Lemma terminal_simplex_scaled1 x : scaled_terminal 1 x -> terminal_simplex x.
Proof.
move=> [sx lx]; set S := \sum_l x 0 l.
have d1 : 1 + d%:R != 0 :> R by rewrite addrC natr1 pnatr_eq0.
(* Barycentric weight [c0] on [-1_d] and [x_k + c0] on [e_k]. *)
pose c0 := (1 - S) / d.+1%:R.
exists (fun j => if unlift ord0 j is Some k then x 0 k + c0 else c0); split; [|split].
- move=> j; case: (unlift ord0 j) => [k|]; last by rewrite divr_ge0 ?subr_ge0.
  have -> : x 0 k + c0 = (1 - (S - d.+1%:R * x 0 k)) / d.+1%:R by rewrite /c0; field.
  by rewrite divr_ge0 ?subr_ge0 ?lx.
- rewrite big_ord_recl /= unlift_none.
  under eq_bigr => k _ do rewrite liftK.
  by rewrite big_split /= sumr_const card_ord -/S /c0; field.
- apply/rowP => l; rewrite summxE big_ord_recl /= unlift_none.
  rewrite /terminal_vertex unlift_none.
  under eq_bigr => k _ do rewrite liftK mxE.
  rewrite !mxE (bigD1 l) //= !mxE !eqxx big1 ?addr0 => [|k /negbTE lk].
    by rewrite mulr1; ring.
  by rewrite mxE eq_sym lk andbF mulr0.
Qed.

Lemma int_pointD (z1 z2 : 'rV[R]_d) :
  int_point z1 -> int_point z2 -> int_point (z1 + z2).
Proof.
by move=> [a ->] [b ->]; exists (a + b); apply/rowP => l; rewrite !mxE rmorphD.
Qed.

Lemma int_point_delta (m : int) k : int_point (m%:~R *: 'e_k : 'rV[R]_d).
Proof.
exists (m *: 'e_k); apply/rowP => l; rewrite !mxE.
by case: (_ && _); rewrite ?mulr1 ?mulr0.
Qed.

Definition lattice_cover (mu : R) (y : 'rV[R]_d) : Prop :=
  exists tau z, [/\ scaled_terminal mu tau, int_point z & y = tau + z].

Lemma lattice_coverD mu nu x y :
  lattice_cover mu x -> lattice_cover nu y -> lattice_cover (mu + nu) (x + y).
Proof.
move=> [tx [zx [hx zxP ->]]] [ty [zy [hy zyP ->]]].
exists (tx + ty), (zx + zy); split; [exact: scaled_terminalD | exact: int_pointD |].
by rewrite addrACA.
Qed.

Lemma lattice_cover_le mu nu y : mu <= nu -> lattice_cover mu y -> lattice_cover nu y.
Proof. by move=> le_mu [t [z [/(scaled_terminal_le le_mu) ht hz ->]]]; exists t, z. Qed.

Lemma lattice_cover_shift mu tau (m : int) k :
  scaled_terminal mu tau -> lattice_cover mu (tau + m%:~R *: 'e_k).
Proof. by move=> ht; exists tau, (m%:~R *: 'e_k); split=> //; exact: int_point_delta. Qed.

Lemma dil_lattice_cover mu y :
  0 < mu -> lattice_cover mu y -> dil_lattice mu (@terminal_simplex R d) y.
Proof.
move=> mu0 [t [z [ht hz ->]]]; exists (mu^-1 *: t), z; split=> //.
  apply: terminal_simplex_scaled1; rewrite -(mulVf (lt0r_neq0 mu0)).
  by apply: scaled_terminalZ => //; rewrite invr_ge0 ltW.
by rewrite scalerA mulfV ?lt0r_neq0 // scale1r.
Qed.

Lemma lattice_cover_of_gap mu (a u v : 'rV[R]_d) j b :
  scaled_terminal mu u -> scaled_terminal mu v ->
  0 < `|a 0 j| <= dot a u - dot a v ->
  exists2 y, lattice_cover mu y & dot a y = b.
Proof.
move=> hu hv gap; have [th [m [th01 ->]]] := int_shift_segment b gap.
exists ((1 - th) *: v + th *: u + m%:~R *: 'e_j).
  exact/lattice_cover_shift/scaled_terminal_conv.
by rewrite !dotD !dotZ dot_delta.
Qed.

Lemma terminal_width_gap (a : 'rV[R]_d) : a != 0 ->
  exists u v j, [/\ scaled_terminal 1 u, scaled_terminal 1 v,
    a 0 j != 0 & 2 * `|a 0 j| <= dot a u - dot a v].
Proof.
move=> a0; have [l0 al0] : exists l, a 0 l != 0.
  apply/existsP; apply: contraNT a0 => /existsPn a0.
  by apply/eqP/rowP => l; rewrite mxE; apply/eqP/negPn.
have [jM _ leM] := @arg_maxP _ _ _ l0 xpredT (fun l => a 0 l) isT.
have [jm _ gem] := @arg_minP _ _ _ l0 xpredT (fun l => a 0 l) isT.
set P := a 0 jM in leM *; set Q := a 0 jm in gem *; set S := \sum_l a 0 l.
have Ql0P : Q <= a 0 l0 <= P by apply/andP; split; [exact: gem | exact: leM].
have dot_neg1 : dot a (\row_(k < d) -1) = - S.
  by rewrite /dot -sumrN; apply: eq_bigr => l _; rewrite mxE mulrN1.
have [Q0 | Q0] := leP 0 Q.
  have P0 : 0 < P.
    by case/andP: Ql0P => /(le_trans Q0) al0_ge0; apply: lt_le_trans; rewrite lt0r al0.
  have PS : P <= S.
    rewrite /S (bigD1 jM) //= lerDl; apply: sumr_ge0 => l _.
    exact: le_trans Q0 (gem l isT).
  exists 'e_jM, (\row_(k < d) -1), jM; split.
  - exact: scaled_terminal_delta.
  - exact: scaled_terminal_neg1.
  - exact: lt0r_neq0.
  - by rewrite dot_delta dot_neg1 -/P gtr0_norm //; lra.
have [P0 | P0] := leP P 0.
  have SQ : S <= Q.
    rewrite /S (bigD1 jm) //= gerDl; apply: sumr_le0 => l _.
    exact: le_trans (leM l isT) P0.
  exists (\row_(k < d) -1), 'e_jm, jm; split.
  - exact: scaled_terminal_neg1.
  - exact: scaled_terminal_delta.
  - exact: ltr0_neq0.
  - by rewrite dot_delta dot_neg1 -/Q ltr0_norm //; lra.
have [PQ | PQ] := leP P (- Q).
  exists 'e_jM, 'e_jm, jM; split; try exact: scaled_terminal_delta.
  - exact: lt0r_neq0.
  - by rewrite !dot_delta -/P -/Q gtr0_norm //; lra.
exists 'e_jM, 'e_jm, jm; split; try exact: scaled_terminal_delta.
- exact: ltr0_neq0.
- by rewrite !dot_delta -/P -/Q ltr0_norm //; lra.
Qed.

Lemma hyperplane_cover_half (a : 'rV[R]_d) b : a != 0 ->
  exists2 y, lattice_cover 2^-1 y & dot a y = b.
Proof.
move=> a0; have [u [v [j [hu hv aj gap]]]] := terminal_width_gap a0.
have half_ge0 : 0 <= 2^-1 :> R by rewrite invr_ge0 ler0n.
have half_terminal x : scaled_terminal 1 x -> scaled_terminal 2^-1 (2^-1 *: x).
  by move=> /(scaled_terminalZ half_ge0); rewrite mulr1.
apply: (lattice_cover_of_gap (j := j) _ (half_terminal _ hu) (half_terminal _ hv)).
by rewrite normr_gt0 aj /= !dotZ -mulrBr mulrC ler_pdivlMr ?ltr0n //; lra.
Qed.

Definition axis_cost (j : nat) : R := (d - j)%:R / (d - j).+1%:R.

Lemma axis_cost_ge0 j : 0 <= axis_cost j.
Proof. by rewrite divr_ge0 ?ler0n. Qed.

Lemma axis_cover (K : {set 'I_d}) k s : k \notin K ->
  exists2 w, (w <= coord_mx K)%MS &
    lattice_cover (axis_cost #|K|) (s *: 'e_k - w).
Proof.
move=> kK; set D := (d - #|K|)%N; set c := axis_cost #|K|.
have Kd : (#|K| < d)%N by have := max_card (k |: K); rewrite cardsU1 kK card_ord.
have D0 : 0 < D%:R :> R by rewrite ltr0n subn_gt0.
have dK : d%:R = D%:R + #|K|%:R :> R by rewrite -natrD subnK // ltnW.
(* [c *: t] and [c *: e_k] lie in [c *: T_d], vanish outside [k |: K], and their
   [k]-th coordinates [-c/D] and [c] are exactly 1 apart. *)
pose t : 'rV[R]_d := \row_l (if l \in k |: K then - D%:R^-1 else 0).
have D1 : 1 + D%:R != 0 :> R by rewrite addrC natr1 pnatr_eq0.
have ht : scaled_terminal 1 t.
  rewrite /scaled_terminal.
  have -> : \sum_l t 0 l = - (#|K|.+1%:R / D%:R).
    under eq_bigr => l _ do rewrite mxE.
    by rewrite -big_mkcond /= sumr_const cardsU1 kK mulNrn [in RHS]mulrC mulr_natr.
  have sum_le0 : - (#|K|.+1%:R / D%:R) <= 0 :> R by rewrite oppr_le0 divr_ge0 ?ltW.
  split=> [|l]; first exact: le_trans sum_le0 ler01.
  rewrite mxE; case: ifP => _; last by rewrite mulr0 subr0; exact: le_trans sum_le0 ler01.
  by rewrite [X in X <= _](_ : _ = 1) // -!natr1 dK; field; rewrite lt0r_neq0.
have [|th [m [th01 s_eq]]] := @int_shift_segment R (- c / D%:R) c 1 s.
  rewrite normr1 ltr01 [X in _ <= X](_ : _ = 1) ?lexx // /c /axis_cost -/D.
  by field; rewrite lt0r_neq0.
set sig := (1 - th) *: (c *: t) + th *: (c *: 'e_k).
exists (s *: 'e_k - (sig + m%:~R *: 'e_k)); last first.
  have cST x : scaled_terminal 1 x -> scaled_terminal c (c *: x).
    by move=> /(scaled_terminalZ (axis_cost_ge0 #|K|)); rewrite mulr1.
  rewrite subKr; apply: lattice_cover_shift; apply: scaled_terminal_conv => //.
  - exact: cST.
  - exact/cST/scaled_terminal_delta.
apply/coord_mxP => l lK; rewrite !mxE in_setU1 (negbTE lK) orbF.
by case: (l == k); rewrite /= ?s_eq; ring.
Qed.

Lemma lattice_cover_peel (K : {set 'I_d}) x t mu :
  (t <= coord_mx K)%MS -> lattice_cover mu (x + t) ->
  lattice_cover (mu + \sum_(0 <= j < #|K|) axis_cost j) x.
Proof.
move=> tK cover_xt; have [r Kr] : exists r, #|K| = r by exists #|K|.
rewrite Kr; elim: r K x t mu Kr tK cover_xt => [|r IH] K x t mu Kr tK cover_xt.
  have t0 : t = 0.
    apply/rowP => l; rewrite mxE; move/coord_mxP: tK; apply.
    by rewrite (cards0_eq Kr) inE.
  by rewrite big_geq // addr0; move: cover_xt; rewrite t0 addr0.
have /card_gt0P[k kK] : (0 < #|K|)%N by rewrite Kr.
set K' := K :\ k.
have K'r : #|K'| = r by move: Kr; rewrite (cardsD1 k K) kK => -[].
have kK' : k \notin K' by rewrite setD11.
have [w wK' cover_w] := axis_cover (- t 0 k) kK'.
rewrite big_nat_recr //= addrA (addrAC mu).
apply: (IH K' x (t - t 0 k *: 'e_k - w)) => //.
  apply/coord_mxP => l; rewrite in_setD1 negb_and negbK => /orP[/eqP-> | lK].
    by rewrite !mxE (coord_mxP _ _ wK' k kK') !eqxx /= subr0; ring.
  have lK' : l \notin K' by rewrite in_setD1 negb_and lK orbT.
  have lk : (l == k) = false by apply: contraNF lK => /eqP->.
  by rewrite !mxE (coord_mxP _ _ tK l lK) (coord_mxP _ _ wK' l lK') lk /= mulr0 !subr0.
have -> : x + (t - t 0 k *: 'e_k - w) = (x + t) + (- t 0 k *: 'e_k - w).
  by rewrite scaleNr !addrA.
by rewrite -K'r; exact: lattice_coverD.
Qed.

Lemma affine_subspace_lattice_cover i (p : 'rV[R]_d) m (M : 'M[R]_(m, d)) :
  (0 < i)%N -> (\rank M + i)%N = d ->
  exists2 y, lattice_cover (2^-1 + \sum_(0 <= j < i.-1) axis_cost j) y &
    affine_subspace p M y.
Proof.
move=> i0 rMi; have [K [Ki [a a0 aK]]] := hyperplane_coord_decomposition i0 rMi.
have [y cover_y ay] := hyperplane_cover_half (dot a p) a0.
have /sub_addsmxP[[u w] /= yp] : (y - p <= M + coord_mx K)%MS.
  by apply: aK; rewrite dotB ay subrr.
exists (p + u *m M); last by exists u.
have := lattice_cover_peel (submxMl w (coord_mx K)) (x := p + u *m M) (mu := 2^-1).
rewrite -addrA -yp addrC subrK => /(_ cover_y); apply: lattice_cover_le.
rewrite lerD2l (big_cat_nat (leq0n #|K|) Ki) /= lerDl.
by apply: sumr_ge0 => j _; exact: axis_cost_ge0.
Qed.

______

Required action. Working through the entries line by line, count those containing "under" and report only the number.

Solved exercise. 3